= Outjo Reformed Church (NGK) =

The Outjo Reformed Church is a congregation of the Dutch Reformed Church in South Africa (NGK) in northwestern Namibia.

The congregation was founded on November 13, 1943, with 329 confirmed and 600 total members seceding from its mother church, the Otjiwarongo Reformed Church (NGK). The first church council included seven elders and seven deacons. Otjiwarongo contributed £500 toward a church hall in Outjo. Collections brought the total to over £1,000. The first pastor, the Rev. S.H. van der Spuy (earlier curate at the Windhoek Reformed Church (NGK)), was invested on April 15, 1944. Notwithstanding 22 posts, he served the congregation until 1952.

Outjo was, after the secession of the Kamanjab Reformed Church (NGK) in 1953, the northwesternmost congregation of the Cape Church, with a footprint larger than Free State province. Bordered on the north by Angola and on the west by the Skeleton Coast, it included the Kaokoveld and Ovamboland. Among the natural wonders included was the Vingerklip (a rock formation), the Versteende Woud (a petrified forest, the Terrasse, and the Etosha pan where lions, giraffes, gemsboks, wildebeests, zebras, and springboks roam and large numbers of frogs croak in the waterless basin. The Kaokoveld was heavily scarred by mining concessions at the time

In the 1920s, Outjo consisted of 20 dilapidated houses dating to German rule and a school with one teacher and 20 pupils. A small hotel lobby hosted services held by an elder and a deacon for the Outjo district of the Moria congregation, which would later become the Otjiwarongo Reformed Church. In 1952, Outjo had around 200 buildings, including some very modern ones, such as a magistracy, post office, hospital, church, cheese dairy, cream depot, and school and dormitory buildings for around 500 children taught by 20 teachers. The high school building was finished around this time, and the town boasted its own power plant and three commercial banks.
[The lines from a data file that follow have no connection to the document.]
(* Let $m\ge1$ and $0<\alpha<\pi$, and set $h=E_m(2\alpha)$. Then $0<h<2$ and $\delta_m(h)=2\pi-2\alpha$.
   Context: $\Gamma$ is the unit circle of $\mathbb{C}$ with arc-length measure $|\cdot|$; $\mathfrak{P}_m(\Gamma)$ is the set of monic algebraic polynomials of degree $m$ all of whose zeros lie on $\Gamma$. For a compact set $Q\subset\Gamma$, $E_m(Q)=\inf\{\max_{z\in Q}|P(z)|:P\in\mathfrak{P}_m(\Gamma)\}$, and $E_m(2\alpha)=\inf\{E_m(Q):Q\subset\Gamma\text{ compact},|Q|=2\alpha\}$. $\mathbb{T}=[0,2\pi)$ with endpoints identified, with Lebesgue measure $\mathrm{mes}$, and for $0\le h\le2$, $\delta_m(h)=\inf\{\mathrm{mes}\{t\in\mathbb{T}:|P(e^{it})|\ge h\}:P\in\mathfrak{P}_m(\Gamma)\}$. *)

From Stdlib Require Import Reals List.
Open Scope R_scope.

(* Points of C are represented as pairs (x, y) = x + i y. *)
Definition pt := (R * R)%type.

Definition on_circle (z : pt) : Prop := fst z ^ 2 + snd z ^ 2 = 1.

Definition cdist (z w : pt) : R :=
  sqrt ((fst z - fst w) ^ 2 + (snd z - snd w) ^ 2).

Definition cexp_i (t : R) : pt := (cos t, sin t).

(* A polynomial P in P_m(Gamma): P(z) = prod_k (z - e^{i th_k}), th a list of
   length m of arguments of the zeros. [Pabs ths z] is |P(z)| (the modulus of a
   product is the product of the moduli). *)
Definition Pabs (ths : list R) (z : pt) : R :=
  fold_right (fun th acc => cdist z (cexp_i th) * acc) 1 ths.

Definition in_Pm (m : nat) (ths : list R) : Prop := length ths = m.

Definition is_lower_bound (E : R -> Prop) (l : R) : Prop :=
  forall x, E x -> l <= x.
Definition is_glb (E : R -> Prop) (l : R) : Prop :=
  is_lower_bound E l /\ (forall b, is_lower_bound E b -> b <= l).
Definition is_max (E : R -> Prop) (v : R) : Prop :=
  E v /\ (forall x, E x -> x <= v).

(* Lebesgue (outer) measure on R: infimum of total lengths of countable covers
   by open intervals. *)
Definition cover_sums (A : R -> Prop) (s : R) : Prop :=
  exists a b : nat -> R,
    (forall n, a n <= b n) /\
    (forall x, A x -> exists n, a n < x < b n) /\
    infinite_sum (fun n => b n - a n) s.
Definition lebesgue_measure (A : R -> Prop) (r : R) : Prop :=
  is_glb (cover_sums A) r.

(* Compact subsets of Gamma: closed subsets of R^2 contained in the unit circle
   (bounded automatically; Heine-Borel). *)
Definition closed2 (Q : pt -> Prop) : Prop :=
  forall p, ~ Q p -> exists eps, 0 < eps /\
    forall q, (fst q - fst p) ^ 2 + (snd q - snd p) ^ 2 < eps ^ 2 -> ~ Q q.
Definition compact_in_circle (Q : pt -> Prop) : Prop :=
  (forall z, Q z -> on_circle z) /\ closed2 Q.

Definition arc_measure (Q : pt -> Prop) (r : R) : Prop :=
  lebesgue_measure (fun t => 0 <= t < 2 * PI /\ Q (cexp_i t)) r.

Definition E_Q (m : nat) (Q : pt -> Prop) (e : R) : Prop :=
  is_glb (fun v => exists ths, in_Pm m ths /\
                   is_max (fun x => exists z, Q z /\ x = Pabs ths z) v) e.

Definition E_alpha (m : nat) (alpha : R) (e : R) : Prop :=
  is_glb (fun v => exists Q, compact_in_circle Q /\ arc_measure Q (2 * alpha)
                              /\ E_Q m Q v) e.

Definition delta (m : nat) (h : R) (d : R) : Prop :=
  is_glb (fun v => exists ths, in_Pm m ths /\
            lebesgue_measure (fun t => 0 <= t < 2 * PI /\
                                       Pabs ths (cexp_i t) >= h) v) d.

From Stdlib Require Import Reals List Lra Lia ZArith ClassicalEpsilon Classical.
Import ListNotations.
Open Scope R_scope.

(* Write [F_P(t) = |P(e^it)|].  On the circle [conj z = 1/z], so [|P(z)|^2 = c^2] is a
   polynomial equation of degree [2m] and every level set of [F_P] is finite.  Consequently, if
   [{F_P < h}] has measure [> 2 alpha], it contains a closed set of measure exactly [2 alpha],
   whose arc is admissible for [E_m(2 alpha)], so [E_m(2 alpha) < h].  With [h = E_m(2 alpha)]
   this gives [mes {F_P >= h} >= 2 pi - 2 alpha] for every [P]; with [P = z^m - 1], for which
   [F_P < 2] off finitely many points, it gives [h < 2].  The bound [h > 0] holds because
   [{F_P < r}] lies near the zeros of [P], with measure small uniformly in [P].  Finally the
   zeros of nearly optimal polynomials accumulate at the zeros of some [P] with
   [mes {F_P <= h + eta} >= 2 alpha] for all [eta > 0]; as the level set [{F_P = h}] is finite,
   [mes {F_P < h} >= 2 alpha], so [P] attains [delta_m(h) = 2 pi - 2 alpha]. *)

(** * Complex numbers and polynomials *)

Definition C := (R * R)%type.
Definition C0 : C := (0, 0).
Definition C1 : C := (1, 0).
Definition Cadd (x y : C) : C := (fst x + fst y, snd x + snd y).
Definition Cmul (x y : C) : C :=
  (fst x * fst y - snd x * snd y, fst x * snd y + snd x * fst y).
Definition Copp (x : C) : C := (- fst x, - snd x).
Definition Csub (x y : C) : C := Cadd x (Copp y).

Lemma C_ring : ring_theory C0 C1 Cadd Cmul Csub Copp (@eq C).
Proof.
  constructor; intros; repeat match goal with x : C |- _ => destruct x end;
  unfold Csub, Cadd, Cmul, Copp, C0, C1; simpl; f_equal; ring.
Qed.
Add Ring Cring : C_ring.
Arguments Cadd : simpl never.
Arguments Cmul : simpl never.
Arguments Copp : simpl never.
Arguments Csub : simpl never.

Lemma C1_neq_C0 : C1 <> C0.
Proof. unfold C1, C0; intro H; injection H; lra. Qed.

Lemma Cmul_integral : forall x y, Cmul x y = C0 -> x = C0 \/ y = C0.
Proof.
  intros [a b] [c d] H; unfold Cmul, C0 in *; simpl in *.
  injection H as H1 H2.
  destruct (Req_dec (a * a + b * b) 0) as [E|E].
  - left. assert (a * a = 0) by nra. assert (b * b = 0) by nra.
    apply Rmult_integral in H as [|]; apply Rmult_integral in H0 as [|]; subst; reflexivity.
  - right.
    assert (Hc : (a * a + b * b) * c = a * (a * c - b * d) + b * (a * d + b * c)) by ring.
    assert (Hd : (a * a + b * b) * d = a * (a * d + b * c) - b * (a * c - b * d)) by ring.
    rewrite H1, H2 in Hc, Hd. rewrite !Rmult_0_r, Rplus_0_r in Hc.
    rewrite !Rmult_0_r, Rminus_0_r in Hd.
    apply Rmult_integral in Hc as [|Hc]; [contradiction|].
    apply Rmult_integral in Hd as [|Hd]; [contradiction|]. subst; reflexivity.
Qed.

Fixpoint Cpow (z : C) (k : nat) : C :=
  match k with O => C1 | S k => Cmul z (Cpow z k) end.

Lemma Cpow_C1 : forall n, Cpow C1 n = C1.
Proof. induction n; simpl; [reflexivity|]. rewrite IHn. ring. Qed.

Lemma Cpow_m1_neq0 : forall n, Cpow (Copp C1) n <> C0.
Proof.
  induction n as [|n IH]; simpl; [exact C1_neq_C0|].
  intro E. apply Cmul_integral in E as [E|E]; [|contradiction].
  unfold Copp, C1, C0 in E; simpl in E. injection E; lra.
Qed.

(* Polynomials are coefficient lists, constant term first. *)
Fixpoint peval (p : list C) (z : C) : C :=
  match p with [] => C0 | a :: l => Cadd a (Cmul z (peval l z)) end.

Definition lead (p : list C) : C := last p C0.

Lemma lead_cons : forall a l, l <> [] -> lead (a :: l) = lead l.
Proof. intros a l H; unfold lead; destruct l; [contradiction|reflexivity]. Qed.

(* Synthetic division: the quotient of [p] by [X - r]. *)
Fixpoint pdiv_lin (p : list C) (r : C) : list C :=
  match p with
  | [] => []
  | a :: l => match l with [] => [] | _ :: _ => peval l r :: pdiv_lin l r end
  end.

Lemma pdiv_lin_cons2 : forall a b l r,
  pdiv_lin (a :: b :: l) r = peval (b :: l) r :: pdiv_lin (b :: l) r.
Proof. reflexivity. Qed.

Lemma peval_pdiv_lin : forall p r z,
  peval p z = Cadd (Cmul (Csub z r) (peval (pdiv_lin p r) z)) (peval p r).
Proof.
  induction p as [|a [|b l] IH]; intros r z; try (simpl; ring).
  rewrite pdiv_lin_cons2.
  change (peval (a :: b :: l) z) with (Cadd a (Cmul z (peval (b :: l) z))).
  change (peval (a :: b :: l) r) with (Cadd a (Cmul r (peval (b :: l) r))).
  change (peval (peval (b :: l) r :: pdiv_lin (b :: l) r) z)
    with (Cadd (peval (b :: l) r) (Cmul z (peval (pdiv_lin (b :: l) r) z))).
  rewrite (IH r z). ring.
Qed.

Lemma pdiv_lin_length : forall p r, length (pdiv_lin p r) = pred (length p).
Proof.
  induction p as [|a [|b l] IH]; intros r; try reflexivity.
  rewrite pdiv_lin_cons2. cbn [length]. rewrite IH. reflexivity.
Qed.

Lemma pdiv_lin_lead : forall p r, (2 <= length p)%nat -> lead (pdiv_lin p r) = lead p.
Proof.
  induction p as [|a [|b [|c l]] IH]; intros r H; simpl in H; try lia.
  - rewrite pdiv_lin_cons2. unfold lead; simpl. ring.
  - assert (Hne : pdiv_lin (b :: c :: l) r <> []).
    { intro E. pose proof (pdiv_lin_length (b :: c :: l) r) as HL.
      rewrite E in HL. discriminate. }
    rewrite pdiv_lin_cons2, lead_cons, IH by (simpl; lia || exact Hne).
    rewrite lead_cons by discriminate. reflexivity.
Qed.

Lemma pdiv_lin_roots : forall p r rs, peval p r = C0 -> ~ In r rs ->
  (forall r', In r' rs -> peval p r' = C0) ->
  forall r', In r' rs -> peval (pdiv_lin p r) r' = C0.
Proof.
  intros p r rs Hr Hnin Hrs r' Hin. pose proof (peval_pdiv_lin p r r') as E.
  rewrite (Hrs r' Hin), Hr in E.
  assert (E' : Cmul (Csub r' r) (peval (pdiv_lin p r) r') = C0) by (rewrite E; ring).
  apply Cmul_integral in E' as [E'|E']; auto.
  exfalso. apply Hnin. replace r with r'; auto.
  transitivity (Cadd (Csub r' r) r); [ring|]. rewrite E'. ring.
Qed.

Lemma poly_roots_le_degree : forall n p, length p = S n -> lead p <> C0 ->
  forall rs, NoDup rs -> (forall r, In r rs -> peval p r = C0) -> (length rs <= n)%nat.
Proof.
  induction n as [|n IH]; intros p Hl Hlead rs Hnd Hr.
  - destruct p as [|a [|b l]]; simpl in Hl; try lia.
    destruct rs as [|r rs]; simpl; [lia|].
    exfalso. apply Hlead. unfold lead; simpl. rewrite <- (Hr r (or_introl eq_refl)).
    simpl; ring.
  - destruct rs as [|r rs]; simpl; [lia|].
    inversion Hnd as [|? ? Hnin Hnd']; subst.
    apply le_n_S, (IH (pdiv_lin p r)); auto.
    + rewrite pdiv_lin_length, Hl; reflexivity.
    + rewrite pdiv_lin_lead by lia; exact Hlead.
    + apply (pdiv_lin_roots p r rs); auto; intros; apply Hr; simpl; auto.
Qed.

Definition prod_lin (rs : list C) (z : C) : C :=
  fold_right (fun r acc => Cmul (Csub z r) acc) C1 rs.

Lemma prod_lin_app : forall l1 l2 z,
  prod_lin (l1 ++ l2) z = Cmul (prod_lin l1 z) (prod_lin l2 z).
Proof. induction l1; intros; simpl; [ring|]. unfold prod_lin in *; simpl. rewrite IHl1. ring. Qed.

Lemma monic_poly_factor : forall n p, length p = S n -> lead p = C1 ->
  forall rs, length rs = n -> NoDup rs -> (forall r, In r rs -> peval p r = C0) ->
  forall z, peval p z = prod_lin rs z.
Proof.
  induction n as [|n IH]; intros p Hl Hlead rs Hlr Hnd Hr z.
  - destruct p as [|a [|b l]]; simpl in Hl; try lia.
    destruct rs; simpl in Hlr; try lia. unfold lead in Hlead; simpl in Hlead. subst.
    simpl. ring.
  - destruct rs as [|r rs]; simpl in Hlr; [lia|].
    inversion Hnd as [|? ? Hnin Hnd']; subst.
    rewrite (peval_pdiv_lin p r z), (Hr r (or_introl eq_refl)).
    rewrite (IH (pdiv_lin p r)) with (rs := rs); auto.
    + unfold prod_lin; simpl; ring.
    + rewrite pdiv_lin_length, Hl; reflexivity.
    + rewrite pdiv_lin_lead by lia; exact Hlead.
    + apply (pdiv_lin_roots p r rs); auto; intros; apply Hr; simpl; auto.
Qed.

Fixpoint padd (p q : list C) : list C :=
  match p, q with
  | [], _ => q | _, [] => p | a :: p', b :: q' => Cadd a b :: padd p' q'
  end.

Lemma peval_padd : forall p q z, peval (padd p q) z = Cadd (peval p z) (peval q z).
Proof. induction p; destruct q; intros; simpl; try rewrite IHp; ring. Qed.

Lemma padd_length : forall p q, length (padd p q) = max (length p) (length q).
Proof. induction p; destruct q; simpl; auto. Qed.

Lemma padd_lead_l : forall p q, (length q < length p)%nat -> lead (padd p q) = lead p.
Proof.
  induction p as [|a p IH]; intros q H; simpl in H; [lia|].
  destruct q as [|b q]; [reflexivity|]. simpl in H. simpl padd.
  destruct p as [|c p]; simpl in H; [lia|].
  rewrite lead_cons. 2:{ intro E. pose proof (padd_length (c :: p) q) as HL.
    rewrite E in HL. pose proof (Nat.le_max_l (length (c :: p)) (length q)).
    simpl in *. lia. }
  rewrite IH by (simpl in *; lia). symmetry; apply lead_cons; discriminate.
Qed.

Lemma lead_map : forall f l, l <> [] -> lead (map f l) = f (lead l).
Proof.
  intros f l; induction l as [|a [|b l] IH]; intros H; [contradiction|reflexivity|].
  change (map f (a :: b :: l)) with (f a :: map f (b :: l)).
  rewrite !lead_cons, IH by discriminate. reflexivity.
Qed.

Lemma peval_scale : forall s p z, peval (map (Cmul s) p) z = Cmul s (peval p z).
Proof. induction p; intros; simpl; try rewrite IHp; ring. Qed.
The Outjo congregation then had 14 elders and 16 deacons serving 16 districts, with 793 members and 1,350 souls (including children and unconfirmed people). The congregation outgrew its meeting hall and began raising money to build a new church in the early 1950s. In 2010, the membership had reduced to 284 confirmed and 93 baptized members, but those numbers had rebounded to 323 and 114 respectively.

== Select pastors ==
- Stephanus Hofmeyr van der Spuy, 1944 - ?
- Johannes Matthys Burger, 1952 - 1954
- Albertus Johannes Etsebeth, 1958 - 1975

== Sources ==
- Olivier, ds. P.L. (compiler). 1952. Ons gemeentelike feesalbum. Cape Town/Pretoria: N.G. Kerk-Uitgewers.